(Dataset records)
◇ ◇ ◇

(* Let L be the set of sums [h_1 t_1 + ... + h_m t_m] with [t_j ~ 0]. Since
   [~] is compatible with right multiplication by theta(Sigma^* ), which spans
   the whole matrix algebra, L is a left ideal.  If some nonzero [t] of [I]
   satisfies [t ~ 0], sandwiching [t] between matrix units puts the identity
   theta(empty word) in L.  Otherwise the class of 0 is trivial, and for every
   nonzero [g] of [I] a shortest word [y] with [g theta(y) = 0] has length at
   most D(2,r,n): the images of u-representatives of the prefixes
   [g theta(y_1...y_j)] are r-sets, and if two of them shared two states the
   two prefixes would be sigma-related, so that appending the rest of [y] to
   the shorter one would give a shorter killing word.  As the algebra is
   prime, every nonzero theta(w) has such a [g] in its row space, so each
   such [y] lowers the rank of theta(w), and n_i steps give theta(w) = 0. *)

Set Implicit Arguments.
Unset Strict Implicit.
Unset Printing Implicit Defensive.
Import GRing.Theory.
Local Open Scope ring_scope.

Lemma mulmx_delta_mxE (R : pzRingType) m n p q (A : 'M[R]_(m, n)) (B : 'M[R]_(p, q))
    i b c e :
  (A *m delta_mx b c *m B) i e = A i b * B c e.
Proof.
rewrite !mxE (bigD1 c) //= big1 ?addr0 => [|d /negPf dc]; last first.
  by rewrite mxE big1 ?mul0r // => x _; rewrite mxE dc andbF mulr0.
rewrite mxE (bigD1 b) //= big1 ?addr0 => [|x /negPf xb]; last by rewrite mxE xb mulr0.
by rewrite mxE !eqxx mulr1.
Qed.

Lemma delta_mx_sandwich (R : pzRingType) m n p (A : 'M[R]_(m, n)) (i j : 'I_p) a b :
  delta_mx i a *m A *m delta_mx b j = A a b *: delta_mx i j.
Proof.
apply/matrixP => x y.
rewrite -[_ *m delta_mx b j]mulmx1 mulmx_delta_mxE.
rewrite -[delta_mx i a]mul1mx mulmx_delta_mxE !mxE [j == y]eq_sym.
by case: (x == i); case: (y == j); rewrite ?mul1r ?mulr1 ?mul0r ?mulr0.
Qed.

Lemma mxrank_mul_ltn (F : fieldType) m n p q (A : 'M[F]_(m, n)) (B : 'M[F]_(n, p))
    (G : 'M[F]_(q, n)) :
  G != 0 -> (G <= A)%MS -> G *m B = 0 -> (\rank (A *m B) < \rank A)%N.
Proof.
move=> G0 GA GB; rewrite -(mxrank_mul_ker A B) -[X in (X < _)%N]addn0 ltn_add2l.
rewrite lt0n mxrank_eq0; apply: contra G0 => /eqP AkerB0.
by rewrite -submx0 -AkerB0 sub_capmx GA sub_kermx GB /=.
Qed.

Lemma ex_minimal_size (T : Type) (P : seq T -> Prop) :
  (exists s, P s) -> exists s, P s /\ forall s', (size s' < size s)%N -> ~ P s'.
Proof.
case=> s Ps; move: {2}(size s).+1 (ltnSn (size s)) => N.
elim: N s Ps => // N IH s Ps sN.
have [[s' [lt_s's Ps']] | none] := classic (exists s', (size s' < size s)%N /\ P s').
  exact: IH Ps' (leq_trans lt_s's sN).
by exists s; split=> // s' lt_s's Ps'; apply: none; exists s'.
Qed.

Lemma packing_le_D2 (N r m : nat) (A : 'I_m -> {set 'I_N}) :
  (1 < r)%N -> (forall j, #|A j| = r) ->
  (forall j j', j != j' -> #|A j :&: A j'| <= 1)%N ->
  (m <= D2 r N)%N.
Proof.
move=> r_gt1 cardA meetA.
have A_inj : injective A.
  move=> j j' Ajj'; apply/eqP; apply: contraT => /meetA.
  by rewrite Ajj' setIid cardA leqNgt r_gt1.
rewrite -[m]card_ord -(card_imset _ A_inj).
apply: (leq_bigmax_cond (F := fun F : {set {set 'I_N}} => #|F|)).
apply/andP; split; first by apply/forall_inP => _ /imsetP [j _ ->]; rewrite cardA.
apply/forallP => P; apply/implyP => /eqP cardP.
apply/card_le1_eqP => B B'; rewrite !inE.
move=> /andP [/imsetP [j _ ->] PAj] /andP [/imsetP [j' _ ->] PAj'].
have [-> // | jj'] := eqVneq j j'.
have := meetA j j' jj'; rewrite leqNgt => /negP []; rewrite -cardP.
by apply: subset_leq_card; rewrite subsetI PAj PAj'.
Qed.

Section Words.
Variables (Sigma : finType) (n : nat) (delta : 'I_n.+1 -> Sigma -> 'I_n.+1).
Variable C : fieldType.

Lemma act_cat q a b : act delta q (a ++ b) = act delta (act delta q a) b.
Proof. by rewrite /act foldl_cat. Qed.

Lemma image_cat a b :
  Defs.image delta (a ++ b) = [set act delta q b | q in Defs.image delta a].
Proof. by rewrite /Defs.image -imset_comp; apply: eq_imset => q /=; rewrite act_cat. Qed.

Lemma rk_catl a b : (rk delta (a ++ b) <= rk delta a)%N.
Proof. by rewrite /rk image_cat leq_imset_card. Qed.

Lemma rk_catr a b : (rk delta (a ++ b) <= rk delta b)%N.
Proof.
apply: subset_leq_card; apply/subsetP => _ /imsetP [q _ ->].
by rewrite act_cat imset_f.
Qed.

Lemma widenQ_eq_max (j : 'I_n) : (widenQ j == ord_max) = false.
Proof. by rewrite -val_eqE /= ltn_eqF. Qed.

Lemma sum_widenQ (q : 'I_n.+1) (F : 'I_n.+1 -> C) : F ord_max = 0 ->
  \sum_(j < n) (q == widenQ j)%:R * F (widenQ j) = F q.
Proof.
move=> F0; have -> : F q = \sum_(j < n.+1) (q == j)%:R * F j.
  rewrite (bigD1 q) //= eqxx mul1r big1 ?addr0 // => j /negPf jq.
  by rewrite eq_sym jq mul0r.
by rewrite big_ord_recr /= F0 mulr0 addr0.
Qed.

Lemma rho_cat a b : rho delta C (a ++ b) = rho delta C a *m rho delta C b.
Proof.
apply/matrixP => i j; rewrite !mxE.
pose F q : C := (act delta q b == widenQ j)%:R - (act delta ord_max b == widenQ j)%:R.
have sumF q : \sum_(k < n) (q == widenQ k)%:R * rho delta C b k j = F q.
  by rewrite -(@sum_widenQ q F) ?/F ?subrr //; apply: eq_bigr => k _; rewrite mxE.
under eq_bigr => k _ do rewrite mxE mulrBl.
by rewrite sumrB !sumF /F !act_cat opprB addrA subrK.
Qed.

Lemma rho_nil : rho delta C [::] = 1%:M.
Proof.
apply/matrixP => i j; rewrite !mxE /act /= [ord_max == _]eq_sym widenQ_eq_max subr0.
by rewrite -val_eqE.
Qed.

Lemma rho_rk_le1 w : (rk delta w <= 1)%N -> rho delta C w = 0.
Proof.
move=> /card_le1_eqP rk_w; apply/matrixP => i j; rewrite !mxE.
by rewrite (rk_w (act delta (widenQ i) w) (act delta ord_max w)) ?imset_f ?subrr.
Qed.

End Words.

Section Representation.
Variables (Sigma : finType) (n : nat) (delta : 'I_n.+1 -> Sigma -> 'I_n.+1).
Variables (C : fieldType) (k : nat) (nn : 'I_k -> nat).
Variables (pi : forall l : 'I_k, 'M[C]_n -> 'M[C]_(nn l)) (l : 'I_k).
Hypothesis wedderburn : wedderburn_data delta pi.

Local Notation th := (theta delta pi l).
Local Notation alg := (Defs.in_alg delta).
Local Notation M := 'M[C]_(nn l).

Lemma piD A B : alg A -> alg B -> pi l (A + B) = pi l A + pi l B.
Proof. by case: wedderburn => _ [pi_morph _] _ _ _ /pi_morph/[apply] /(_ l) []. Qed.

Lemma piM A B : alg A -> alg B -> pi l (A *m B) = pi l A *m pi l B.
Proof. by case: wedderburn => _ [pi_morph _] _ _ _ /pi_morph/[apply] /(_ l) []. Qed.

Lemma piZ c A : alg A -> pi l (c *: A) = c *: pi l A.
Proof. by case: wedderburn => _ [_ pi_scale] _ _ _; apply: pi_scale. Qed.

Lemma pi0 : pi l 0 = 0.
Proof.
apply: (@addrI _ (pi l 0)); rewrite -piD ?addr0 //; exact: in_alg_0.
Qed.

Lemma theta_cat a b : th (a ++ b) = th a *m th b.
Proof. by rewrite /theta rho_cat piM //; apply: in_alg_gen. Qed.

Lemma theta_nil : th [::] = 1%:M.
Proof. by rewrite /theta rho_nil; case: wedderburn. Qed.

Lemma theta_rk_le1 w : (rk delta w <= 1)%N -> th w = 0.
Proof. by move=> rk_w; rewrite /theta rho_rk_le1 // pi0. Qed.

Lemma theta_sync : synchronizing delta -> exists z, th z = 0.
Proof. by case=> z rk_z; exists z; rewrite theta_rk_le1 ?rk_z. Qed.

Definition theta_span (X : M) : Prop :=
  exists s : seq (C * seq Sigma), X = \sum_(p <- s) p.1 *: th p.2.

Lemma theta_span_pi (X : 'M[C]_n) : alg X -> theta_span (pi l X).
Proof.
elim=> [w | | A B algA [s1 e1] algB [s2 e2] | c A algA [s e] |
          A B algA [s1 e1] algB [s2 e2]].
- by exists [:: (1, w)]; rewrite big_seq1 scale1r.
- by exists [::]; rewrite big_nil pi0.
- by exists (s1 ++ s2); rewrite big_cat piD // e1 e2.
- exists [seq (c * p.1, p.2) | p <- s]; rewrite big_map piZ // e scaler_sumr.
  by apply: eq_bigr => p _; rewrite scalerA.
- exists [seq (p.1 * q.1, p.2 ++ q.2) | p <- s1, q <- s2].
  rewrite big_allpairs_dep piM // e1 e2 mulmx_suml; apply: eq_bigr => p _.
  rewrite mulmx_sumr; apply: eq_bigr => q _ /=.
  by rewrite theta_cat -scalemxAl -scalemxAr scalerA.
Qed.

Lemma theta_spanT X : theta_span X.
Proof.
case: wedderburn => _ _ _ pi_onto _.
pose g j : 'M[C]_(nn j) := if l =P j is ReflectT e then ecast j 'M[C]_(nn j) e X else 0.
have [A [algA piA]] := pi_onto g.
suff -> : X = pi l A by apply: theta_span_pi.
by rewrite piA /g; case: eqP => // e; rewrite (eq_irrelevance e erefl).
Qed.

(* [th] spans [M], and a full matrix algebra is prime. *)
Lemma theta_prime (X Y : M) : X != 0 -> Y != 0 -> exists z, X *m th z *m Y != 0.
Proof.
move=> /matrix0Pn [a [b Xab]] /matrix0Pn [c [e Yce]].
apply: NNPP => all0; suff : X *m delta_mx b c *m Y = 0.
  by move/matrixP/(_ a e); rewrite mulmx_delta_mxE mxE; apply/eqP; rewrite mulf_neq0.
have [s ->] := theta_spanT (delta_mx b c).
rewrite mulmx_sumr mulmx_suml big1 // => p _.
rewrite -scalemxAr -scalemxAl; apply/eqP; rewrite scaler_eq0; apply/orP; right.
by apply: contraT => ne0; case: all0; exists p.2.
Qed.


Section Ideal.
Variables (u : seq Sigma) (I : M -> Prop) (r : nat).
Hypotheses (I_min : zero_minimal_ideal delta pi I) (I_Rnk : is_Rnk delta pi I r).
Hypothesis theta_u_neq0 : th u != 0.

Local Notation represents := (u_represents delta pi u I).
Local Notation sim := (sim_rel delta pi u I).

Lemma ideal_theta_mul g a b : I g -> I (th a *m g *m th b).
Proof. by case: I_min => -[_ _ I_mul] _ _ Ig; apply: I_mul => //; [exists a | exists b]. Qed.

Lemma ideal_theta_mulr g y : I g -> I (g *m th y).
Proof. by move/(ideal_theta_mul [::] y); rewrite theta_nil mul1mx. Qed.

Lemma Rnk_le_rk w : I (th w) -> th w != 0 -> (r <= rk delta w)%N.
Proof. by case: I_Rnk => _ Rnk_min Iw /eqP; apply: Rnk_min. Qed.

Lemma Rnk_gt1 : (1 < r)%N.
Proof.
case: I_Rnk => -[x [_ th_x0 rk_x]] _; rewrite ltnNge -rk_x.
by apply: contra_notN th_x0 => /theta_rk_le1.
Qed.

(* The monoid ideal generated by [th (u ++ z ++ x)], for [x] of rank [r] and
   [z] given by primeness, is nonzero, hence equal to [I] by 0-minimality. *)
Lemma ideal_word_rk_le_Rnk f : I f -> f != 0 ->
  exists w, [/\ in_ideal_word u w, th w = f & (rk delta w <= r)%N].
Proof.
move=> If f0; case: I_Rnk => -[x [Ix /eqP th_x0 rk_x]] _.
have [z uzx0] := theta_prime theta_u_neq0 th_x0.
pose uzx := u ++ z ++ x.
have th_uzx : th uzx = th u *m th z *m th x by rewrite !theta_cat mulmxA.
pose J g := exists a b, g = th a *m th uzx *m th b.
have JI g : J g -> I g.
  case=> a [b ->]; apply: ideal_theta_mul.
  rewrite th_uzx -theta_cat.
  by have := ideal_theta_mul (u ++ z) [::] Ix; rewrite theta_nil mulmx1.
have J_ideal : is_monoid_ideal delta pi J.
  split.
  - by move=> _ [a [b ->]]; exists (a ++ uzx ++ b); rewrite !theta_cat mulmxA.
  - by exists (th [::] *m th uzx *m th [::]), [::], [::].
  - move=> _ g _ [a' <-] [a [b ->]] [b' <-].
    by exists (a' ++ a), (b ++ b'); rewrite !theta_cat !mulmxA.
case: I_min => _ _ /(_ J J_ideal JI) [J0 | IJ].
  move: uzx0; rewrite -th_uzx (J0 (th uzx)) ?eqxx //.
  by exists [::], [::]; rewrite theta_nil mul1mx mulmx1.
have [a [b ->]] := IJ f If; exists (a ++ uzx ++ b); split.
- by exists a, (z ++ x ++ b); rewrite /uzx -!catA.
- by rewrite !theta_cat mulmxA.
- rewrite (leq_trans (rk_catr _ _ _)) // (leq_trans (rk_catl _ _ _)) // -rk_x.
  exact: leq_trans (rk_catr _ _ _) (rk_catr _ _ _).
Qed.

Lemma represents_exists g : I g -> g != 0 -> exists w, represents g w.
Proof.
move=> Ig g0; have [w [uw th_w rk_w]] := ideal_word_rk_le_Rnk Ig g0.
exists w; split=> //; right=> w' _ th_w'.
by rewrite (leq_trans rk_w) //; apply: Rnk_le_rk; rewrite th_w'.
Qed.

Lemma represents_rk g w : represents g w -> g != 0 -> rk delta w = r.
Proof.
case=> Ig _ th_w [/eqP -> // | w_min] g0.
apply/anti_leq/andP; split; last by apply: Rnk_le_rk; rewrite th_w.
have [w' [uw' th_w' rk_w']] := ideal_word_rk_le_Rnk Ig g0.
exact: leq_trans (w_min w' uw' th_w') rk_w'.
Qed.

Lemma represents_cat g w y : represents g w -> represents (g *m th y) (w ++ y).
Proof.
move=> rep_w; have [Ig [a [b w_eq]] th_w _] := rep_w.
split.
- exact: ideal_theta_mulr.
- by exists a, (b ++ y); rewrite w_eq -!catA.
- by rewrite theta_cat th_w.
have [-> | gy0] := eqVneq (g *m th y) 0; [by left | right].
have g0 : g != 0 by apply: contraNneq gy0 => ->; rewrite mul0mx.
move=> w' _ th_w'; rewrite (leq_trans (rk_catl _ _ _)) // (represents_rk rep_w g0).
by apply: Rnk_le_rk; rewrite th_w' //; exact: ideal_theta_mulr.
Qed.

Lemma represents_act_inj g w y : represents g w -> g *m th y != 0 ->
  {in Defs.image delta w &, injective (act delta ^~ y)}.
Proof.
move=> rep_w gy0; have g0 : g != 0 by apply: contraNneq gy0 => ->; rewrite mul0mx.
have [Ig _ th_w _] := rep_w.
have : (r <= rk delta (w ++ y))%N.
  by apply: Rnk_le_rk; rewrite theta_cat th_w //; exact: ideal_theta_mulr.
rewrite -(represents_rk rep_w g0) /rk image_cat => rk_wy.
by apply/imset_injP; rewrite eqn_leq leq_imset_card.
Qed.

Lemma sigma_rel_mulr g f y : sigma_rel delta pi u I g f ->
  sigma_rel delta pi u I (g *m th y) (f *m th y).
Proof.
case=> Ig If gf; split; try exact: ideal_theta_mulr.
have [-> | gy_fy] := eqVneq (g *m th y) (f *m th y); [by left | right].
case: gf => [gf | [w1 [w2 [rep1 rep2 meet12]]]]; first by rewrite gf eqxx in gy_fy.
exists (w1 ++ y), (w2 ++ y); split; try exact: represents_cat.
have [p [q [p12 q12 pq]]] := card_gt1P meet12.
move: p12 q12; rewrite !inE => /andP [p1 p2] /andP [q1 q2].
have act_pq : act delta p y != act delta q y.
  apply: contra pq => /eqP pq_y; apply/eqP.
  have [gy0 | gy0] := eqVneq (g *m th y) 0.
  - apply: (represents_act_inj rep2 _ p2 q2 pq_y).
    by apply: contraNneq gy_fy => fy0; rewrite gy0 fy0.
  - exact: (represents_act_inj rep1 gy0 p1 q1 pq_y).
apply/card_gt1P; exists (act delta p y), (act delta q y).
by rewrite !inE !image_cat !imset_f.
Qed.

Lemma sim_rel_mulr g f y : sim g f -> sim (g *m th y) (f *m th y).
Proof.
elim=> [{}g {}f gf | g1 g2 g3 _ sim12 _ sim23]; first by apply: t_step; apply: sigma_rel_mulr.
exact: t_trans sim12 sim23.
Qed.


Definition sim0_combination (X : M) : Prop := exists s : seq (M * M),
  (forall p, p \in s -> I p.2 /\ sim p.2 0) /\ X = \sum_(p <- s) p.1 *m p.2.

◇ ◇ ◇

• **Work request**: Look for the string "left" in the data above and return every line that has it.

• **Exercise result**:
   the whole matrix algebra, L is a left ideal.  If some nonzero [t] of [I]
have [-> | gy0] := eqVneq (g *m th y) 0; [by left | right].
have [-> | gy_fy] := eqVneq (g *m th y) (f *m th y); [by left | right].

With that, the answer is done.